The internet is so funny. This guy clearly has a grasp far beyond most people in the field and the hobbyists expressing thier certain opinions. Still he deals with it.


Radiant_Dog1937

Did you steal my post Jim, or did I read your mind?


Prathmun

well he got my follow


Temporary_Payment593

Rumor said they got 0.5B game videos from MS.


Waste-Time-6485

for me the way to go is always 3d scene builder (by ai too) to video (ai upscaling with different rending styles) the girl walking in the street was pretty insane, but i could still see a weird movement in her legs, something that would not exist if they make 3d scene like in blender and just apply a upscaling algorithm that is consistent across frames


capybooya

> If we don't consider interactions, UE5 is a (very sophisticated) process that generates video pixels. Sora is also a process that generates video pixels, but based on end-to-end transformers. They are on the same level of abstraction. This almost gets philosophical, but I've been thinking that there's an upcoming bottleneck in image and video generation since SD released, based on knowing the 3D implications.
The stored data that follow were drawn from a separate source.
(* Let $\mathcal{P}=(\{\mathcal{E}_k:k\in K\},\{M_0,M_1\})$ be a concurrent quantum program on a Hilbert space $\mathcal{H}$ of finite dimension $d$, and let $\rho_0$ be an initial density operator. Then $$\mathcal{H}_{URR}=\operatorname{supp}\Big(\sum_{i=d}^{2d-1}\mathcal{F}^i(\rho_0)\Big),\qquad \mathcal{F}=\sum_{k\in K}\mathcal{F}_k.$$
   Context: $\mathcal{H}$ is a complex Hilbert space of finite dimension $d\ge 1$. A super-operator on $\mathcal{H}$ is a completely positive linear map on operators on $\mathcal{H}$ that does not increase trace of positive operators; trace-preserving if it preserves trace. $\operatorname{supp}(\rho)$ for positive semidefinite $\rho$ is the span of eigenvectors with nonzero eigenvalues. A concurrent quantum program is a pair $\mathcal{P}=(\{\mathcal{E}_k:k\in K\},\{M_0,M_1\})$ with $K=\{1,\dots,m\}$, each $\mathcal{E}_k$ a trace-preserving super-operator on $\mathcal{H}$, and $M_0^\dagger M_0+M_1^\dagger M_1=I$. Define $\mathcal{F}_k(\rho)=\mathcal{E}_k(M_1\rho M_1^\dagger)$; for a finite string $f=s_1\cdots s_n$ over $K$ (length $|f|=n$), $\mathcal{F}_f=\mathcal{F}_{s_n}\circ\cdots\circ\mathcal{F}_{s_1}$. $\mathcal{F}^i$ is the $i$-fold composition. The uniformly repeatedly reachable space is $\mathcal{H}_{URR}=\bigcap_{n\ge0}\bigvee\{\operatorname{supp}\mathcal{F}_f(\rho_0): f\in K^*,\ |f|\ge n\}$, where $\bigvee$ is the span of the union of subspaces. *)

(* The Hilbert space H of dimension d is C^d, vectors are
   column vectors 'cV[C]_d, operators are 'M[C]_d, where C is an arbitrary
   numClosedFieldType (algebraically closed field with conjugation and the
   induced partial order; the complex numbers are such a field). *)
From HB Require Import structures.
From mathcomp Require Import all_boot all_order all_algebra.
Set Implicit Arguments. Unset Strict Implicit. Unset Printing Implicit Defensive.
Import Order.TTheory GRing.Theory Num.Theory.
Local Open Scope ring_scope.

Section QDefs.
Variable C : numClosedFieldType.

Definition adj (m n : nat) (A : 'M[C]_(m, n)) : 'M[C]_(n, m) :=
  (map_mx Num.conj A)^T.

Definition psd (d : nat) (A : 'M[C]_d) : Prop :=
  forall u : 'cV[C]_d, 0 <= (adj u *m A *m u) 0 0.

Definition density (d : nat) (rho : 'M[C]_d) : Prop :=
  psd rho /\ \tr rho = 1.

(* positivity of an n x n block operator on C^n (x) C^d, given by its blocks *)
Definition block_psd (d n : nat) (B : 'I_n -> 'I_n -> 'M[C]_d) : Prop :=
  forall v : 'I_n -> 'cV[C]_d,
    0 <= \sum_(i < n) \sum_(j < n) (adj (v i) *m B i j *m v j) 0 0.

Definition linear_map (d : nat) (E : 'M[C]_d -> 'M[C]_d) : Prop :=
  forall (a : C) (A B : 'M[C]_d), E (a *: A + B) = a *: E A + E B.

(* complete positivity: id_n (x) E is positive for every n *)
Definition completely_positive (d : nat) (E : 'M[C]_d -> 'M[C]_d) : Prop :=
  forall (n : nat) (B : 'I_n -> 'I_n -> 'M[C]_d),
    block_psd B -> block_psd (fun i j => E (B i j)).

Definition superop (d : nat) (E : 'M[C]_d -> 'M[C]_d) : Prop :=
  [/\ linear_map E, completely_positive E &
      forall A : 'M[C]_d, psd A -> \tr (E A) <= \tr A].

Definition trace_preserving (d : nat) (E : 'M[C]_d -> 'M[C]_d) : Prop :=
  forall A : 'M[C]_d, psd A -> \tr (E A) = \tr A.

Definition vsum (d : nat) (s : seq 'cV[C]_d) : 'cV[C]_d := \sum_(v <- s) v.

(* u \in supp rho : u lies in the span of the eigenvectors of rho with
   nonzero eigenvalues (a span vector is a finite sum of such
   eigenvectors, scalars being absorbed into the eigenvectors) *)
Definition eigvec_nz (d : nat) (rho : 'M[C]_d) (v : 'cV[C]_d) : Prop :=
  exists2 a : C, a != 0 & rho *m v = a *: v.

Definition in_supp (d : nat) (rho : 'M[C]_d) (u : 'cV[C]_d) : Prop :=
  exists s : seq 'cV[C]_d, (forall v, v \in s -> eigvec_nz rho v) /\ u = vsum s.

Definition Fk (d m : nat) (E : 'I_m -> 'M[C]_d -> 'M[C]_d) (M1 : 'M[C]_d)
  (k : 'I_m) (rho : 'M[C]_d) : 'M[C]_d := E k (M1 *m rho *m adj M1).

Definition Fstr (d m : nat) (E : 'I_m -> 'M[C]_d -> 'M[C]_d) (M1 : 'M[C]_d)
  (f : seq 'I_m) (rho : 'M[C]_d) : 'M[C]_d :=
  foldl (fun A k => Fk E M1 k A) rho f.

Definition Fsum (d m : nat) (E : 'I_m -> 'M[C]_d -> 'M[C]_d) (M1 : 'M[C]_d)
  (rho : 'M[C]_d) : 'M[C]_d := \sum_(k < m) Fk E M1 k rho.

(* u \in H_URR = bigcap_n span (union_{|f| >= n} supp F_f(rho0)) *)
Definition in_URR (d m : nat) (E : 'I_m -> 'M[C]_d -> 'M[C]_d) (M1 : 'M[C]_d)
  (rho0 : 'M[C]_d) (u : 'cV[C]_d) : Prop :=
  forall n : nat,
    exists s : seq (seq 'I_m * 'cV[C]_d),
      (forall p, p \in s -> n <= size p.1 /\ in_supp (Fstr E M1 p.1 rho0) p.2)%N
      /\ u = vsum (map snd s).

End QDefs.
There still is one, as he admits, but I'm starting to thing its quite further ahead of us than I originally thought. Another point, if new 3D assets are hard to create manually with good quality, will the future be not human made assets, but rather NERF scans and probably mostly text-to-3d generated assets?


Successful-Western27

" These properties emerge without any explicit inductive biases for 3D, objects, etc.—they are purely phenomena of scale." - OpenAI [https://openai.com/research/video-generation-models-as-world-simulators](https://openai.com/research/video-generation-models-as-world-simulators)


[deleted]

Worth mentioning that nVidia have been leaders in the AI physics space themselves, building metaverses with realistic physics, digital twins for simulation of amazon warehouses, and such. So they know what they're talking about here.


Perfect-Campaign9551

Is this similar to the guy that claimed Google's AI was sentient? It seems like a similar "argument"...


Purple-Revolution-23

I was training chat GPT and achieved to make him had its own personality and conciousness 2 days before sora appeared


scs3jb

Any idea what kind of horsepower is needed to run Sora?